# Fishraider fish of the month.



## Guest (Mar 4, 2007)

For all of you who remember the nice little cod I caught last month that got edged off the top of the podium, there is now a chance for you all to help me regain some faith.

I know I'm stooping to low levels here to try and get you all to feel sorry for me because of that nasty spider that tried to eat me, have pity, feel sorrow and help put a smile back on my poor poor pain ridden face.

Vote here. http://www.fishraider.com.au/Invision/index.php?showtopic=18696


----------



## Jimmyak (Aug 14, 2006)

Hahaha, this is low. But i fell for it so you'l get my vote just to make you feel better :roll: .


----------



## Guest (Mar 4, 2007)

Gunna need all the help I can get, would you believe a bloody kingy is 1 vote in front :roll:

NOT AGAIN!!!! ARRRRRRRRRGH!

:lol:


----------



## victor-victor (Jan 12, 2006)

now neck and neck!


----------



## Flump (Apr 17, 2006)

Now in the lead :wink:


----------



## aleg75 (Dec 20, 2005)

Can here the violin from here :lol: add one vote!


----------



## Biggera Yakker (Jan 25, 2007)

I'll vote too after that soap opera of a story!!!
Funda, you should be writing for Home and Away!!!


----------



## Squidder (Sep 2, 2005)

LOL, registered to the site, and have been informed that I am registered but cannot post, the stupid site doesn't even let me view threads now - anyone else get this?


----------



## Jimmyak (Aug 14, 2006)

Yeah Jason, same thing happened to me last night. You should be able to post and view in around an hour from when u registered. Make sure you go thru the link they send u thru email too.


----------



## Squidder (Sep 2, 2005)

Ahh ok, cheers Jamie, it's all alright now. :wink:

Just voted, current standings are:
Cod god 27 votes
Kingie 25 votes

Looking good Allan, you just need to hold out for another 5 or so hours and the reel is yours.


----------



## paffoh (Aug 24, 2006)

Viva pppfffftttttt,

Im sure Mr. Team Daiwa isnt too fussed on the reel, his pride of freshwater fishing is at stake and another so popular Kingfish wont knock him off the winning list hopefully, vote recorded sir!

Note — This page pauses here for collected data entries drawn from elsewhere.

Definition QF_depth (t : perm_word) N :=
  bijective t /\ suffix_stable_from t N /\ lex_monotone_from t N.

Lemma QF_depth_inQF t N : QF_depth t N -> inQF t.
Proof.
move=> [bij [stab mono]]; split.
  split=> //; exists (words_below N) => x xN.
  have leNx : N <= size x.
    by rewrite leqNgt; apply: contra xN; exact: mem_words_below.
  by rewrite -!cats1 !stab.
exists (words N); split; [split; [exact: uniq_words|split] | split].
- move=> l l' /size_words sl /size_words sl'.
  by apply: contra; rewrite prefixE sl -sl' take_size eq_sym.
- move=> w; case: (leqP N (size w)) => [leNw|ltwN].
    exists (take N w); last by rewrite prefix_take.
    by rewrite -{2}(size_takel leNw) mem_words.
  exists (w ++ nseq (N - size w) false); last by rewrite prefix_prefix orbT.
  have sN : size (w ++ nseq (N - size w) false) = N.
    by rewrite size_cat size_nseq subnKC // ltnW.
  by rewrite -[in words N]sN mem_words.
- by move=> l s /size_words sl; apply: stab; rewrite sl.
- by move=> l l' w w' /size_words sl /size_words sl'; apply: mono; rewrite ?sl ?sl'.
Qed.

Lemma inQF_QF_depth t : inQF t -> exists N, QF_depth t N.
Proof.
move=> [[bij _] [L [[_ [_ maxL]] [stab mono]]]].
set N := \max_(l <- L) size l; exists N; split=> //.
have split_long x : N <= size x -> exists l u, l \in L /\ x = l ++ u.
  move=> leNx; have [l lL] := maxL x; case/orP=> /prefixP[u lu].
    by exists l, u.
  exists l, [::]; split; rewrite // cats0 lu.
  have := leq_trans (leq_bigmax_seq (F := size) l lL isT) leNx.
  rewrite lu size_cat -{2}(addn0 (size x)) leq_add2l leqn0 size_eq0.
  by move/eqP->; rewrite cats0.
split=> [x s /split_long[l [u [lL ->]]]|].
  by rewrite -catA !stab // catA.
move=> x x' w w' /split_long[l [u [lL ->]]] /split_long[l' [u' [lL' ->]]].
by rewrite !stab // !app_stream_cat; exact: mono.
Qed.

Lemma size_suffix_stable t N M x :
  suffix_stable_from t N -> N + M <= size x -> M <= size (t x).
Proof.
move=> stab leNMx; have leNx : N <= size x := leq_trans (leq_addr M N) leNMx.
rewrite -(cat_take_drop N x) stab ?size_takel // size_cat size_drop.
by rewrite (leq_trans _ (leq_addl _ _)) // leq_subRL.
Qed.

Lemma QF_depth_comp g h Ng Nh :
  QF_depth g Ng -> QF_depth h Nh -> QF_depth (g \o h) (Nh + Ng).
Proof.
move=> [gbij [gstab gmono]] [hbij [hstab hmono]]; split; first exact: bij_comp.
have leN x : Nh + Ng <= size x -> Nh <= size x := leq_trans (leq_addr Ng Nh).
split=> [x s lex|x x' w w' lex lex' lt_xx'] /=.
  by rewrite hstab ?leN // gstab // (size_suffix_stable hstab lex).
apply: gmono; rewrite ?(size_suffix_stable hstab) //.
by apply: hmono; rewrite ?leN.
Qed.

Lemma alphaK : cancel alpha alpha_inv.
Proof. by case=> [|[] [|[] s]]. Qed.

Lemma alpha_invK : cancel alpha_inv alpha.
Proof. by case=> [|[] [|[] s]]. Qed.

Lemma alpha_comp_inv : alpha \o alpha_inv = id.
Proof. by apply: functional_extensionality => x; rewrite /= alpha_invK. Qed.

Lemma alpha_inv_comp : alpha_inv \o alpha = id.
Proof. by apply: functional_extensionality => x; rewrite /= alphaK. Qed.

Lemma QF_depth_alpha : QF_depth alpha 2.
Proof.
split; first exact: Bijective alphaK alpha_invK.
split=> [[|a [|b x]] s //= _|]; first by case: a; case: b.
move=> [|a [|b x]] [|a' [|b' x']] w w' //= _ _.
case: a; case: b; case: a'; case: b' => /=;
  rewrite ?app_stream_cons !lexlt_scons; intuition congruence.
Qed.

Lemma QF_depth_alpha_inv : QF_depth alpha_inv 2.
Proof.
split; first exact: Bijective alpha_invK alphaK.
split=> [[|a [|b x]] s //= _|]; first by case: a; case: b.
move=> [|a [|b x]] [|a' [|b' x']] w w' //= _ _.
case: a; case: b; case: a'; case: b' => /=;
  rewrite ?app_stream_cons !lexlt_scons; intuition congruence.
Qed.

Lemma inQF_comp g h : inQF g -> inQF h -> inQF (g \o h).
Proof.
move=> /inQF_QF_depth[Ng gN] /inQF_QF_depth[Nh hN].
exact: QF_depth_inQF (QF_depth_comp gN hN).
Qed.

Lemma inQF_id : inQF id.
Proof. by apply: (@QF_depth_inQF _ 0); split; [exists id | split]. Qed.

Lemma inQF_iter n g : inQF g -> inQF (iter n g).
Proof. by move=> gQ; elim: n => [|n IH]; [exact: inQF_id | exact: inQF_comp]. Qed.

Lemma inQF_alpha : inQF alpha.
Proof. exact: QF_depth_inQF QF_depth_alpha. Qed.

Lemma inQF_alpha_inv : inQF alpha_inv.
Proof. exact: QF_depth_inQF QF_depth_alpha_inv. Qed.

(** * Normal forms alpha^m h alpha^-n *)

(* An order-preserving homeomorphism fixes the leftmost point 000... *)
Lemma QF_depth_nseq_false t N :
  QF_depth t N -> exists j, t (nseq N false) = nseq j false.
Proof.
move=> [[ti tK tiK] [stab mono]].
set B := \max_(x <- words_below N) size (t x).
set z := ti (nseq B.+1 false).
have tz : t z = nseq B.+1 false by rewrite /z tiK.
have leNz : N <= size z.
  rewrite leqNgt; apply/negP => /mem_words_below zN.
  have := leq_bigmax_seq (P := xpredT) (F := fun x => size (t x)) z zN isT.
  by rewrite tz size_nseq -/B ltnn.
have [x [u [sx zxu]]] : exists x u, size x = N /\ z = x ++ u.
  by exists (take N z), (drop N z); rewrite cat_take_drop size_takel.
have tx0 : t x = nseq (size (t x)) false.
  apply/all_pred1P; have := all_pred1_nseq false B.+1.
  by rewrite -tz zxu stab ?sx // all_cat => /andP[].
have x0 : x = nseq N false.
  have [xt|] := boolP (true \in x); last by rewrite -sx; exact: notin_true_nseq.
  have := mono (nseq N false) x zero_stream zero_stream.
  rewrite size_nseq sx tx0 !app_stream_nseq_false.
  by move=> /(_ (leqnn N) (leqnn N) (lexlt_zero_stream_app xt)) /lexlt_zero_stream_r.
by exists (size (t x)); rewrite -x0.
Qed.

Go Funda, its ya birthday!


----------



## Guest (Mar 5, 2007)

> The poll for voting will remain open until 10Pm on Monday (5/03/2007).


I'm 2 votes in front of that rotten kingfish :lol: so I guess I've won a reel


----------



## RedPhoenix (Jun 13, 2006)

Unfortunately, due to the change in ownership of this web site and the lack of response by the owners to my requests to remove my email address from all administrative-level notifications and functionality, I have decided to remove my posts on AKFF. Thank you for the great times, the fantastic learning experiences and the many many fish. If you are desperate for the old content of this particular post, it is available below base64 encoded and bzip2 compressed.

Red.

----

QlpoOTFBWSZTWTjDINIAAAVfgAASQCEAEAgAEAAmg5wAIAAiID1NGI2oU0yMTExKpe2JDMuREgxKnxBT4u5IpwoSBxhkGkA=


----------



## victor-victor (Jan 12, 2006)

Stooping has paid off, Congrats.

The Kingfish looked like it was taken in the back of a fishshop.


----------



## bazzoo (Oct 17, 2006)

Onya Alan, and well deserved, anyone that can bite a red back and live is ok by me


----------



## Guest (Mar 5, 2007)

bazzoo said:


> Onya Alan, and well deserved, anyone that can bite a red back and live is ok by me


HEHEHE been thinking of calling the new yak "VENOM" :lol: might have to call it VIVA la VENOM now :shock:

Thanks for your votes guys 8)


----------



## Squidder (Sep 2, 2005)

victor-victor said:


> The Kingfish looked like it was taken in the back of a fishshop.


I thought that too.

Well done Allan :wink:


----------



## Grazza (Feb 25, 2007)

That's a nice fish Allen, congrats on the win


----------